Soft Actor-Critic with hybrid action types#
Actor training loss#
Let \(a\) be the discrete action and \(b\) the continuous action, then the actor loss is:
\[\begin{split}\begin{equation}
\begin{array}{ll}
& \displaystyle\int_{a,b}\pi(a,b|s)[\alpha \log \pi(a,b|s) - Q(s,a,b)]\\
=& \displaystyle\int_{a,b}\pi_{\phi}(b|s)\pi(a|b,s)[\alpha\log \pi_{\phi}(b|s) + \alpha \log \pi(a|b,s) - Q(s,a,b)]\\
=& \displaystyle\int_b \pi_{\phi}(b|s) \left(\alpha\log \pi_{\phi}(b|s) - \int_a \pi(a|b,s) q_b(s,a)\right)\\
=& \displaystyle\int_b \pi_{\phi}(b|s) \left(\alpha\log \pi_{\phi}(b|s) - \mathbb{E}_{\pi(a|b,s)}[q_b(s,a)]\right)\\
\end{array}
\end{equation}\end{split}\]
where \(q_b(s,a):= Q(s,a,b)-\alpha\log\pi(a|b,s)\). Given any \(\pi_{\phi}(b|s)\) for any \(s,b\), maximizing the inner expectation we have
\[\pi^*(a|b,s)=\text{argmax}_{\pi}\mathbb{E}_{\pi(a|b,s)}[q_b(s,a)]=\frac{\exp(\frac{Q(s,a,b)}{\alpha})}{Z(s,b)}\]
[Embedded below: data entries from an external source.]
Lemma bounded_measurableZ (c : R) f : bounded_measurable f ->
  bounded_measurable (fun x => c * f x).
Proof. exact/bounded_measurableM/bounded_measurable_cst. Qed.

Lemma bounded_measurableN f : bounded_measurable f ->
  bounded_measurable (fun x => - f x).
Proof.
move=> [mf [M fM]]; split; first exact: measurableT_comp.
by exists M => x; rewrite normrN.
Qed.

Lemma bounded_measurableB f g : bounded_measurable f -> bounded_measurable g ->
  bounded_measurable (fun x => f x - g x).
Proof. by move=> bf bg; apply: bounded_measurableD => //; exact: bounded_measurableN. Qed.

Lemma bounded_measurable_sum I (s : seq I) (F : I -> T -> R) :
  (forall i, bounded_measurable (F i)) ->
  bounded_measurable (fun x => \sum_(i <- s) F i x).
Proof.
move=> bF; elim: s => [|i s IH].
  by under eq_fun do rewrite big_nil; exact: bounded_measurable_cst.
by under eq_fun do rewrite big_cons; exact: bounded_measurableD.
Qed.

Lemma bounded_measurable_indic (A : set T) : measurable A ->
  bounded_measurable (\1_A : T -> R).
Proof.
move=> mA; split; first exact: measurable_indic.
by exists 1 => x; rewrite indicE; case: (x \in A); rewrite ?normr1 ?normr0.
Qed.

Lemma Rintegral_indic mu (A : set T) : measurable A ->
  Rintegral mu [set: T] (\1_A : T -> R) = fine (mu A).
Proof. by move=> mA; rewrite /Rintegral integral_indic // setIT. Qed.

Lemma Rintegral_sum mu I (s : seq I) (F : I -> T -> R) :
  (forall i, bounded_measurable (F i)) ->
  Rintegral mu [set: T] (fun x => \sum_(i <- s) F i x) =
  \sum_(i <- s) Rintegral mu [set: T] (F i).
Proof.
move=> bF; elim: s => [|i s IH].
  rewrite big_nil; under eq_Rintegral do rewrite big_nil.
  by rewrite Rintegral_cst // mul0r.
rewrite big_cons -IH; under eq_Rintegral do rewrite big_cons.
rewrite RintegralD //; first exact: bounded_measurable_integrable.
exact/bounded_measurable_integrable/bounded_measurable_sum.
Qed.

Lemma normr_Rintegral_le mu f (M : R) : bounded_measurable f ->
  (forall x, `|f x| <= M) -> `|Rintegral mu [set: T] f| <= M * fine (mu [set: T]).
Proof.
move=> bf fM; have [mf [N fN]] := bf.
apply: le_trans (le_normr_Rintegral _ _) _ => //.
  exact: bounded_measurable_integrable.
rewrite -Rintegral_cst //; apply: le_Rintegral => //.
- apply: bounded_measurable_integrable; split; first exact: measurableT_comp.
  by exists N => x; rewrite normr_id.
- exact/bounded_measurable_integrable/bounded_measurable_cst.
Qed.

End bounded_measurable.

Section bounded_measurable_pair.
Context d1 d2 (T1 : measurableType d1) (T2 : measurableType d2) (R : realType).
Variable F : T1 * T2 -> R.
Hypothesis bF : bounded_measurable F.

Lemma bounded_measurable_pair1 b : bounded_measurable (fun a => F (a, b)).
Proof. by case: bF => mF [M FM]; split; [exact: measurable_fun_pair1 | exists M]. Qed.

Lemma bounded_measurable_pair2 a : bounded_measurable (fun b => F (a, b)).
Proof. by case: bF => mF [M FM]; split; [exact: measurable_fun_pair2 | exists M]. Qed.

End bounded_measurable_pair.

Section fubini_bounded.
Context d1 d2 (T1 : measurableType d1) (T2 : measurableType d2) (R : realType).
Variables (m1 : {finite_measure set T1 -> \bar R}) (m2 : {finite_measure set T2 -> \bar R}).
Variable F : T1 * T2 -> R.
Hypothesis bF : bounded_measurable F.

Let m1s : {sigma_finite_measure set T1 -> \bar R} := m1.
Let m2s : {sigma_finite_measure set T2 -> \bar R} := m2.
Definition restack_ix (s' : choice_ix beta_mi) : choice_ix al :=
  finfun (fun l => @inord (al l)
    (if l == i then (nat_of_ord (s' blk1)).+1 else nat_of_ord (s' (blk0 l)))).

Definition unstack_ix (s : choice_ix al) : choice_ix beta_mi :=
  finfun (fun t => @inord (beta_mi t) (nat_of_ord (s (tag t)) - blk_shift t)).

Lemma restack_ix_eq (s' : choice_ix beta_mi) :
  nat_of_ord (restack_ix s' i) = (nat_of_ord (s' blk1)).+1.
Proof. by rewrite ffunE eqxx inordK // ltnS ltn_beta_blk1. Qed.

Lemma restack_ix_neq (s' : choice_ix beta_mi) l :
  l != i -> nat_of_ord (restack_ix s' l) = nat_of_ord (s' (blk0 l)).
Proof. by move=> nli; rewrite ffunE (negbTE nli) inordK // ltnS leq_beta_blk0. Qed.

Lemma restack_ixK : cancel restack_ix unstack_ix.
Proof.
move=> s'; apply/ffunP => t; apply: ord_inj; rewrite ffunE.
case: (blk_unitP t) => [->|].
  rewrite /= inordK; first by rewrite restack_ix_eq shift_blk1 subn1.
  by rewrite restack_ix_eq shift_blk1 subn1 ltnS -ltnS prednK // ltn_beta_blk1.
move: (tag t) => l ->.
rewrite /= shift_blk0 subn0; case: (eqVneq l i) => [->|nli].
  by rewrite !val_beta_blk0i.
by rewrite restack_ix_neq // inordK // ltnS leq_beta_blk0.
Qed.

Lemma unstack_ixK (s : choice_ix al) :
  nat_of_ord (s i) != 0%N -> restack_ix (unstack_ix s) = s.
Proof.
move=> si0; apply/ffunP => l; apply: ord_inj; rewrite ffunE.
case: (eqVneq l i) => [->|nli].
  have unstack1 : nat_of_ord (unstack_ix s blk1) = (nat_of_ord (s i)).-1.
    rewrite ffunE inordK /= shift_blk1 ?subn1 // beta_blk1.
    by rewrite (prednK al_i_gt0) -ltnS (prednK (n := nat_of_ord (s i))) ?lt0n.
  by rewrite unstack1 prednK ?lt0n // inordK.
have unstack0 : nat_of_ord (unstack_ix s (blk0 l)) = nat_of_ord (s l).
  by rewrite ffunE /= shift_blk0 subn0 inordK // beta_blk0 (negbTE nli).
by rewrite unstack0 inordK.
Qed.

Definition ix0 : choice_ix (unit_mi i) := finfun (fun l => ord0).
Definition ix1 : choice_ix (unit_mi i) := finfun (fun l => @inord (unit_mi i l) (l == i)).

Lemma unit_ixP (u : choice_ix (unit_mi i)) : u = ix0 \/ u = ix1.
Proof.
have ul0 l : l != i -> nat_of_ord (u l) = 0%N.
  move=> nli; have := ltn_ord (u l).
  by rewrite [in X in (_ < X)%N -> _]unit_mi_neq // ltnS leqn0 => /eqP.
have := ltn_ord (u i); rewrite [in X in (_ < X)%N -> _]unit_mi_eq.
case ui: (nat_of_ord (u i)) => [|[|n]] // _; [left | right]; apply/ffunP => l;
  apply: ord_inj; rewrite ffunE /=; case: (eqVneq l i) => [->|nli];
  rewrite ?ui ?ul0 ?inordK ?unit_mi_eq //.
Qed.

Lemma sum_unit_ix (V : zmodType) (G : choice_ix (unit_mi i) -> V) :
  \sum_u G u = G ix0 + G ix1.
Proof.
have ix01 : ix0 != ix1.
  apply/eqP => /ffunP /(_ i); rewrite !ffunE => /(congr1 val) /=.
  by rewrite eqxx inordK // unit_mi_eq.
rewrite (bigD1 ix0) //= (bigD1 ix1) /=; last by rewrite eq_sym.
rewrite big1 ?addr0 // => u /andP[n0 n1].
by case: (unit_ixP u) => Hu; [move: n0|move: n1]; rewrite Hu eqxx.
Qed.

Variables (K : topFieldType) (F : topVSType K).

Section RestackIdentity.
Variables (x : blk al -> K) (f : ('I_d -> K) -> F).

Local Notation X := (blk_coord x i).
Local Notation C j := (\prod_(1 <= k < (al i).+1 | k != j) (X j - X k)^-1).
Local Notation A s := (\prod_(l | l != i) dd_weight (blk_coord x l) (al l) (s l)).
Local Notation pt s := (fun l => blk_coord x l (s l)).
Local Notation pt0 s := (fun l => blk_coord x l (if l == i then 0%N else s l)).
Local Notation restack_pick s' := (fun t => blk_coord (restack x) t (s' t)).

Lemma weight_restack (s' : choice_ix beta_mi) :
  \prod_(t : E) dd_weight (blk_coord (restack x) t) (beta_mi t) (s' t) =
  C (restack_ix s' i) * A (restack_ix s').
Proof.
rewrite (@big_blk_unit _ 1 *%R) /=.
rewrite (@dd_weight_0_0 _ _ (beta_mi (blk0 i))) ?beta_blk0 ?eqxx ?val_beta_blk0i // mul1r.
congr (_ * _).
  rewrite (@eq_dd_weight _ _ (fun k => X k.+1) _ (al i).-1 _ (s' blk1))
    ?beta_blk1 ?leq_ord // => [|k kb]; last first.
    by rewrite blk_coord_restack ?beta_blk1 // shift_blk1 add1n.
  rewrite /dd_weight restack_ix_eq big_add1 /= (prednK al_i_gt0).
  by apply: eq_bigl => k; rewrite eqSS.
apply: eq_bigr => l nli; apply: eq_dd_weight; rewrite ?leq_ord //.
- by rewrite beta_blk0 (negbTE nli).
- by rewrite restack_ix_neq.
- by move=> k kb; rewrite blk_coord_restack // shift_blk0 add0n.
Qed.

Lemma ddiff_restack_pick (s' : choice_ix beta_mi) :
  ddiff f (restack_pick s') =
    (X 0%N - X (restack_ix s' i))^-1 *: f (pt0 (restack_ix s'))
  + (X (restack_ix s' i) - X 0%N)^-1 *: f (pt (restack_ix s')).
Proof.
set s := restack_ix s'; set y := restack_pick s'.
have y0 l : blk_coord y l 0 = blk_coord x l (if l == i then 0%N else s l).
  rewrite /blk_coord.
  have -> : Tagged TE (@inord (unit_mi i l) 0) = blk0 l.
    by apply: Tagged_ord_eq; rewrite inordK.
  rewrite /y blk_coord_restack ?leq_ord //= shift_blk0 add0n.
  case: (eqVneq l i) => [eli|nli]; first by subst l; rewrite val_beta_blk0i.
  by rewrite restack_ix_neq.
have y1 : blk_coord y i 1 = X (s i).
  rewrite /blk_coord -/blk1 /y blk_coord_restack ?leq_ord //.
  by rewrite shift_blk1 add1n restack_ix_eq.
have weight_ix0 :
    \prod_l dd_weight (blk_coord y l) (unit_mi i l) (ix0 l) = (X 0%N - X (s i))^-1.
  rewrite (bigD1 i) //= big1 ?mulr1 => [|l nli]; last first.
    by apply: dd_weight_0_0; [exact: unit_mi_neq | rewrite ffunE].
  have ix0_i : nat_of_ord (ix0 i) = 0%N by rewrite ffunE.
  rewrite (eq_dd_weight unit_mi_eq ix0_i (fun _ _ => erefl) (leq_ord _)).
  by rewrite dd_weight_1_0 y1 y0 eqxx.
have weight_ix1 :
    \prod_l dd_weight (blk_coord y l) (unit_mi i l) (ix1 l) = (X (s i) - X 0%N)^-1.
  rewrite (bigD1 i) //= big1 ?mulr1 => [|l nli]; last first.
    by apply: dd_weight_0_0; [exact: unit_mi_neq | rewrite ffunE (negbTE nli) inordK].
  have ix1_i : nat_of_ord (ix1 i) = 1%N by rewrite ffunE eqxx inordK // unit_mi_eq.
  rewrite (eq_dd_weight unit_mi_eq ix1_i (fun _ _ => erefl) (leq_ord _)).
  by rewrite dd_weight_1_1 y1 y0 eqxx.
rewrite ddiffE sum_unit_ix weight_ix0 weight_ix1.
congr (_ *: f _ + _ *: f _); apply: functional_extensionality_dep => l.
  by rewrite ffunE y0.
rewrite ffunE; case: (eqVneq l i) => [->|nli]; first by rewrite inordK ?unit_mi_eq // y1.
by rewrite inordK // y0 (negbTE nli).
Qed.

Lemma ddiff_restack_sum (h : (E -> K) -> F) :
  (forall s' : choice_ix beta_mi, h (restack_pick s') = ddiff f (restack_pick s')) ->
  ddiff h (restack x) = \sum_(s : choice_ix al | nat_of_ord (s i) != 0%N)
    (C (s i) * A s) *:
      ((X 0%N - X (s i))^-1 *: f (pt0 s) + (X (s i) - X 0%N)^-1 *: f (pt s)).
Proof.
move=> hf; rewrite [RHS](reindex_onto restack_ix unstack_ix) => [|s si0]; last first.
  exact: unstack_ixK.
rewrite ddiffE [RHS](eq_bigl xpredT) => [|s']; last first.
  by rewrite restack_ixK eqxx andbT restack_ix_eq.
by apply: eq_bigr => s' _; rewrite hf ddiff_restack_pick weight_restack.
Qed.

Lemma weight_top (s : choice_ix al) : nat_of_ord (s i) != 0%N ->
  \prod_l dd_weight (blk_coord x l) (al l) (s l) = C (s i) * A s * (X (s i) - X 0%N)^-1.
Proof. by move=> si0; rewrite (bigD1 i) //= dd_weight_neq0 // mulrAC. Qed.

Hypothesis X_inj : forall a b, (a <= al i)%N -> (b <= al i)%N -> a != b -> X a != X b.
as the optimal conditional policy for action \(a\). For a reasonable discrete action space, the optimal inner expectation \(q^*(s,b):=\mathbb{E}_{\pi^*(a|b,s)}[\cdot]\) can be easily computed. It’s a function of \(s\) and \(b\), and differentiable w.r.t. \(b\). Thus we can still use re-parameterization trick \(b=g_{\phi}(\epsilon,s)\) to optimize \(\phi\):
\[\mathbb{E}_{\epsilon\sim p(\epsilon)}\left[\alpha \log\pi_{\phi}(g_{\phi}(\epsilon,s)|s) - q^*(s,g_{\phi}(\epsilon,s))\right]\]
Different entropy coefficients#
To have different entropy coefficients, the actor loss becomes
\[\displaystyle\int_{a,b}\pi_{\phi}(b|s)\pi(a|b,s)[\alpha_b\log \pi_{\phi}(b|s) + \alpha_a \log \pi(a|b,s) - Q(s,a,b)]\]
And accordingly, the value definition is changed to
\[\displaystyle V(s)=\mathbb{E}_{a,b\sim \pi}[Q(s,a,b)-\alpha_a \log \pi(a|s,b) - \alpha_b \log\pi_{\phi}(b|s)]\]